Of the lines below, copy those that hold the word "exact".
[[ DATASET RECORDS open ]]
Lemma normc_block2_unit_le a x : a * a^*%C = 1 ->
  normc (a * B (Q x) x + a^*%C * B (R x) x) <=
  (w2 *+ 2 + omega B P + omega B S) * sqnorm x.
Proof.
move=> a1; have := normc_block2_le (x, a *: x).
rewrite block2_form sqnorm_ip2 !linearZ /= !(formZl hB) !(formZr hB) !mulrA a1 !mul1r.
set c := (a * _ + _) => le_c.
have -> : c = B (P x) x + B (S x) x + c - B (P x) x - B (S x) x by ring.
have le_P := normc_form_le_omega hB (linearZZ P) has_ubound_omega_diag_l x.
have le_S := normc_form_le_omega hB (linearZZ S) has_ubound_omega_diag_r x.
have := le_normcD (B (P x) x + B (S x) x + c - B (P x) x) (- B (S x) x).
have := le_normcD (B (P x) x + B (S x) x + c) (- B (P x) x).
rewrite !normcN; nra.
Qed.

Lemma has_ubound_omega_add : has_ubound (omega_set B (Q \+ R)).
Proof.
apply: (has_ubound_omega_set hB) => x.
have := @normc_block2_unit_le 1 x; rewrite conjc1 !mul1r /= (formDl hB); exact.
Qed.

Lemma has_ubound_omega_sub : has_ubound (omega_set B (Q \- R)).
Proof.
apply: (has_ubound_omega_set hB) => x.
have := @normc_block2_unit_le 'i%C x; rewrite conjc_i mulrN -expr2 sqr_i opprK.
by rewrite /= (formBl hB) mulNr -mulrBr normc_i; exact.
Qed.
[[ DATASET RECORDS closed ]]
RESULT BELOW ::
have := @normc_block2_unit_le 1 x; rewrite conjc1 !mul1r /= (formDl hB); exact.
by rewrite /= (formBl hB) mulNr -mulrBr normc_i; exact.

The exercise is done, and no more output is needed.